2022.8.27(sat)縁側の花火大会
今日は花火大会だ。七草市花火大会は菜都奈の家から歩いて三十分ほどの七草市民公園で開催されている。
菜都奈は昼過ぎにようやく浴衣を探し始めて、待ち合わせの十六時ギリギリまで支度をしていた。かんざし、巾着袋、下駄。菜都奈が一つずつ確かめている横を、ラフなTシャツ姿の風輝が「お先」と通り過ぎる。
待ち合わせ場所は菜都奈の家の前だ。尽は既に来ていて、菜都奈の浴衣を見ると破顔した。

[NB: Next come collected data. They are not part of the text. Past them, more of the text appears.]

(* With t = 2^a u (u odd) and D = b^(2^(r-1)) the polynomial is
   X^(2M) + D^2 with M = 2^(r-1+a) u; it can only factor when D is twice a
   square, i.e. r = 1 and b = 2w^2, and when M > u, i.e. t is even. *)
Theorem lemma6 (t r b : nat) :
  (0 < t)%N -> (0 < r)%N -> (0 < b)%N -> propP (2 ^ r * t) b ->
  (reducible_Z ('X^(2 ^ r * t) + ((b ^ (2 ^ r))%N)%:R%:P)
   <-> [/\ ~~ odd t, r = 1%N & exists d : nat, (0 < d)%N /\ b = (2 * d ^ 2)%N]).
Proof.
move=> t_gt0 r_gt0 b_gt0 hP; split; last first.
  case=> /negPf t_even -> [d [_ ->]].
  have t2 : t = (2 * t./2)%N by rewrite -{1}(odd_double_half t) t_even -mul2n.
  have s_gt0 : (0 < t./2)%N by move: t_gt0; rewrite {1}t2 muln_gt0.
  by rewrite t2; apply: reducible_sophie_germain.
have [a [u [tu odd_u]]] := two_adic t_gt0.
have u_gt0 : (0 < u)%N by move: t_gt0; rewrite tu muln_gt0 => /andP [].
set D := (b ^ 2 ^ r.-1)%N; have D_gt0 : (0 < D)%N by rewrite expn_gt0 b_gt0.
have irr_u : irreducible_poly ('X^u - (iD D)%:P).
  apply: (irreducible_odd_part b_gt0 u_gt0 r_gt0 odd_u hP).
  by rewrite tu dvdn_mull ?dvdn_mull.
have -> : (2 ^ r * t = 2 * (2 ^ (r.-1 + a) * u))%N.
  by rewrite tu -{1}(prednK r_gt0) expnS expnD !mulnA.
have -> : (b ^ 2 ^ r = D ^ 2)%N by rewrite -expnM -expnSr prednK.
move/not_reducible_X2naddC; rewrite muln_gt0 expn_gt0 u_gt0 => /(_ isT D_gt0) red.
have [w Dw] : exists w, D = (2 * w ^ 2)%N.
  apply: NNPP => Dnot; apply/red/irreducible_XnsubC_iD_iter => // w Dw.
  by apply: Dnot; exists w.
have [r1 bw] := twice_square_power b_gt0 r_gt0 Dw.
split=> //; last first.
  by exists w; split=> //; rewrite lt0n; apply: contraTneq b_gt0 => w0; rewrite bw w0.
apply: contra_notN red => odd_t.
have a0 : a = 0%N by move: odd_t; rewrite tu oddM oddX orbF; case: (a).
by rewrite r1 a0 /= mul1n.
Qed.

「女の子は浴衣カラフルでいいよね。僕もかんぴょう色じゃなくてワクワクするやつ着たいな」
「私もさ、この浴衣もう何年も着てるし、来年は二人でめっちゃ派手なの着たいね」
毎年夏の終わりの花火大会は尽と遊んでいる。今年も例に漏れず、することは同じだ。
七草市花火大会は土日に開催されるが、花火が打ち上がるのは日曜のみで、今日は屋台があるだけだ。けれど人は多く、トイレも座る場所も確保するまでが大変だ。だから土曜の花火大会では屋台の食べ物をありったけ買い込む。そして尽の家の縁側で買い込んだものを食べながら、手持ち花火をするのだ。
「私、水曜に花火やったんだよね」
「え、本当? 楽しかった?」
「うん。けどテニス同好会の人たちもいて、ほとんど初対面だったからちょっと緊張した」
「あ、もしかして良平先輩もいた?」
「いたいた。狂ったように花火で遊んでたよ」
「あはっ。先輩はねー、すごいよね」
チョコバナナ、じゃがバター、焼きそば、リンゴ飴。
七草市民公園は人でごった返している。
菜都奈は尽と手分けして買い物をしようと別れると、人混みを縫って進んだ。
お好み焼き、イカ飯、わたあめ、ベビーカステラ。
花火大会の日だ、財布の紐は巾着のようにガバガバだ。菜都奈は片っ端から買い込んで尽と合流した。尽も晴れやかな笑顔で両手いっぱいにビニール袋を持っている。
菜都奈と尽は急いで家まで引き返し、買ってきたものを縁側に並べて歓声を上げた。
「カレーとか売ってたんだ! ナン食べるのいつぶりだろう」
「チョコバナナ形崩れなくてよかったね。結構持ち帰るの難しいものとかあるけど、僕たちもうテイクアウトのプロだよね。あ、ダウはそっちで見てて。花火危ないから」
ダウは尽の飼っている柴犬の名前だ。ダウッダウッと吠えるのでダウと呼ばれている。機嫌の良さそうなダウは、尽が焼きそばを食べつつ花火の準備をするのを、興味深そうに眺めていた。
菜都奈もカレーを食べる。本格的なバターチキンカレーだ。近所のカレー屋が出店していたのだろう。焼きそば、たこ焼き、お好み焼き。菜都奈は順繰りに食べる。
尽は怖がるくせに毎年すすき花火をやりたがる。うわ、おわっ、と叫びながらも楽しそうな尽を眺めて菜都奈はチョコバナナを食べた。少し満腹になってきたので菜都奈も線香花火をやりに庭にしゃがむ。
すると玄関の方から「おおい」と声がかかった。
「あ、竣先輩いらっしゃい」
「お邪魔します。菜都奈ちゃん、こんばんは」
「こんばんは。来ると思いませんでした、柊先輩人気者だから、こういうイベントの時って引っ張りだこじゃないんですか?」
「何人かに誘われてはいるけど。今日は早めに抜けてきたんだ。ここで楽しそうなことやってるの、知ってたから」
「そうなんですか。まだまだいっぱいあるんで食べてってください」
線香花火が落ちたので、菜都奈ももう一回戦食べに戻る。イカ焼きと炭酸ジュースがよく合う。
「っぷはー! ほんと、楽しいね尽!」
「だね、おわっ」
火の粉から飛んで逃げようとするから、跳ねた時に新たな火の粉が舞うのだ。尽も分かってはいるのだろうが、脊髄反射には抗えない。何回も繰り返す尽の奇妙なステップに、菜都奈は腹が捩れるほど笑った。隣で柊も堪えきれずに笑い、ダウも一緒になってダウッと吠えた。